My buddy Kevin is something of a completist. He reads all the Michael Pollan books. He listens to all of the Weezer and Radiohead albums. He collects things. He still plays Strat-O-matic baseball (and Strat-O-Matic hockey . . . Strat-O-Matic hockey?) He buys the physical cards every year for his Strat-O-Matic‌ sports, even though he doesn't roll dice any longer. Even though the game is now computerized. He's ride or die for Strat-O-Matic.

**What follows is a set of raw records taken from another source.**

Definition vertex (g : series) (x y : R) : Prop :=
  newton g x y /\
  forall (x1 y1 x2 y2 t : R), newton g x1 y1 -> newton g x2 y2 ->
    0 < t -> t < 1 -> x = t * x1 + (1 - t) * x2 -> y = t * y1 + (1 - t) * y2 ->
    x1 = x /\ y1 = y.

Definition prev_vertex (g : series) (x1 y1 x2 y2 : R) : Prop :=
  vertex g x2 y2 /\ vertex g x1 y1 /\ x1 < x2 /\
  forall x y, vertex g x y -> ~ (x1 < x /\ x < x2).

Definition last_vertex (g : series) (x2 y2 : R) : Prop :=
  vertex g x2 y2 /\ forall x y, vertex g x y -> x <= x2.

Definition intercept (x1 y1 x2 y2 : R) : R := y1 - x1 * (y2 - y1) / (x2 - x1).

End Defs.

Definition gamma_n (gamma delta d n : nat) : nat :=
  (gamma * \sum_(k < n) delta ^ (n.-1 - k) * d ^ k)%N.
Definition Astar_n (A B delta n : nat) : nat :=
  ((\sum_(k < n) delta ^ (n.-1 - k) * B ^ k) * A)%N.

(* Give the monomial z^i w^j the weight u i + v j, where (u, v) = (B - d, gamma - A) is the
   inner normal of the last edge of N(q), of weight c = u gamma + v d.  The faces of least weight
   add up under multiplication, so in Q^(n+1) = Q^n(p, q) a term z^a w^b of Q^n contributes the
   face of p^a q^b: a copies of the point (delta, 0) plus b copies of that edge, at weight
   a u delta + b c.  If delta v < c (delta < T) only the last vertex (gamma_n, d^n) of N(Q^n),
   which has the least w-order, reaches the least weight, and the last edge of N(Q^(n+1)) is
   d^n copies of the edge of q translated by delta gamma_n.  If delta v = c, the weight of every
   term is delta times its own weight, so the whole last edge of N(Q^n) survives and its left end
   moves to (delta A_n^* + A B^n, B^(n+1)).  The endpoints of a face are consecutive vertices of
   the Newton polygon, and slope and intercept are read off the common weight. *)

From mathcomp Require Import all_boot all_order all_algebra.
From mathcomp Require Import complex reals.
From mathcomp Require Import zify ring lra.
Set Implicit Arguments. Unset Strict Implicit. Unset Printing Implicit Defensive.
Import Order.TTheory GRing.Theory Num.Theory.
Local Open Scope ring_scope.

Section SeriesProducts.
Variable R : realType.
Implicit Types F G : series R.

Lemma big_ord2_single (N M : nat) (f : nat -> nat -> R[i]) a0 b0 :
  (a0 < N)%N -> (b0 < M)%N ->
  (forall a b, (a < N)%N -> (b < M)%N -> f a b != 0 -> a = a0 /\ b = b0) ->
  \sum_(a < N) \sum_(b < M) f a b = f a0 b0.
Proof.
move=> ha hb H.
rewrite (bigD1 (Ordinal ha)) //= (bigD1 (Ordinal hb)) //= !big1 ?addr0 //.
- move=> a ha'; apply: big1 => b _.
  have [//|/(H _ _ (ltn_ord a) (ltn_ord b)) [ea _]] := eqVneq (f a b) 0.
  by move: ha'; rewrite -val_eqE /= ea eqxx.
- move=> b hb'; have [//|/(H _ _ ha (ltn_ord b)) [_ eb]] := eqVneq (f a0 b) 0.
  by move: hb'; rewrite -val_eqE /= eb eqxx.
Qed.

Lemma big_ord2_neq0 (N M : nat) (f : nat -> nat -> R[i]) :
  \sum_(a < N) \sum_(b < M) f a b != 0 -> exists a b, [/\ (a < N)%N, (b < M)%N & f a b != 0].
Proof.
move=> Hne; case: (boolP [exists a : 'I_N, exists b : 'I_M, f a b != 0]).
  by case/existsP => a /existsP[b hf]; exists a, b.
rewrite negb_exists => /forallP Hn; case/negP: Hne; apply/eqP.
apply: big1 => a _; apply: big1 => b _.
by move: (Hn a); rewrite negb_exists => /forallP /(_ b) /negPn /eqP.
Qed.

Lemma mulS_neq0 F G i j : mulS F G i j != 0 ->
  exists a b, [/\ (a <= i)%N, (b <= j)%N, F a b != 0 & G (i - a)%N (j - b)%N != 0].
Proof.
case/(big_ord2_neq0 (f := fun a b => F a b * G (i - a)%N (j - b)%N)) => a [b [ha hb]].
by rewrite mulf_eq0 negb_or => /andP[hF hG]; exists a, b.
Qed.
(* Let $S$ be an inverse semigroup. The following are equivalent: (1) $S$ is quasi-finitely generated; (2) $S$ admits a uniformly proper, right-subinvariant, uniformly discrete extended metric whose components are the $\mathcal L$-classes.
   Context: An inverse semigroup is a semigroup $S$ in which every $s$ has a unique $s^{-1}$ with $ss^{-1}s=s$, $s^{-1}ss^{-1}=s^{-1}$; $E(S)$ denotes its idempotents. Green's relation $\mathcal L$: $(s,t)\in\mathcal L$ iff $s^{-1}s=t^{-1}t$. $S$ is quasi-finitely generated if there is a finite subset $\mathcal M=\mathcal M^{-1}$ with $S$ generated as a semigroup by $\mathcal M\cup E(S)$. An extended metric $d$ on $S$ (distances may be $\infty$) has components the $\mathcal L$-classes if $d(s,t)<\infty$ iff $(s,t)\in\mathcal L$. It is uniformly discrete if $\inf_{s\ne t}d(s,t)>0$; right-subinvariant if $d(sx,tx)\le d(s,t)$ for all $s,t,x\in S$; uniformly proper if there is a finite $F_1\subseteq S$ such that for every $r\ge0$ and all $x\ne y$ in $S$ with $d(x,y)\le r$ there is $f$, a product of at most $\lceil r\rceil$ elements of $F_1$, with $y=fx$. *)

From Stdlib Require Import Reals List ZArith.
From Coquelicot Require Import Rbar.
Import ListNotations.
Open Scope R_scope.

Set Implicit Arguments.
Section InvSemigroup.
Variables (S : Type) (mul : S -> S -> S) (inv : S -> S).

Kevin feels the same way about Weezer and Michael Pollan. He's a fan of the artist. I'm a fan of the art. Once I don't like the art, I defect. I love Life's Rich Pageant and Murmur, not the band R.E.M. It's because I learned my lesson early on. More on this later. I hate R.E.M.'s Out of Time, even though it was made by the same humans that made Reckoning. "Losing My Religion" is the worst. The fact that Michael Stipe wrote "Talk About the Passion" and also wrote "Losing My Religion" has made me lose my religion, made me lose my belief in an eternal soul.



Strat-O-Matic Hockey?
I'm the opposite of a completist. I only want to listen to the best things. I read Omnivore's Dilemma, but I might never read another Michael Pollan book again. That was his high point. I'd rather listen to first-rate jazz than second rate Weezer. I'm a grown-ass man! I'm logical about it. Old R.E.M. is slightly better than old Weezer, and new R.E.M. is slightly better than new Weezer, but I'm not going to spend my time listening to new R.E.M. because it's slightly better than new Weezer. Instead I'll listen to first rate something else. I'll move on. In this case the newer stuff-- whether it's Weezer or R.E.M.-- is ersatz.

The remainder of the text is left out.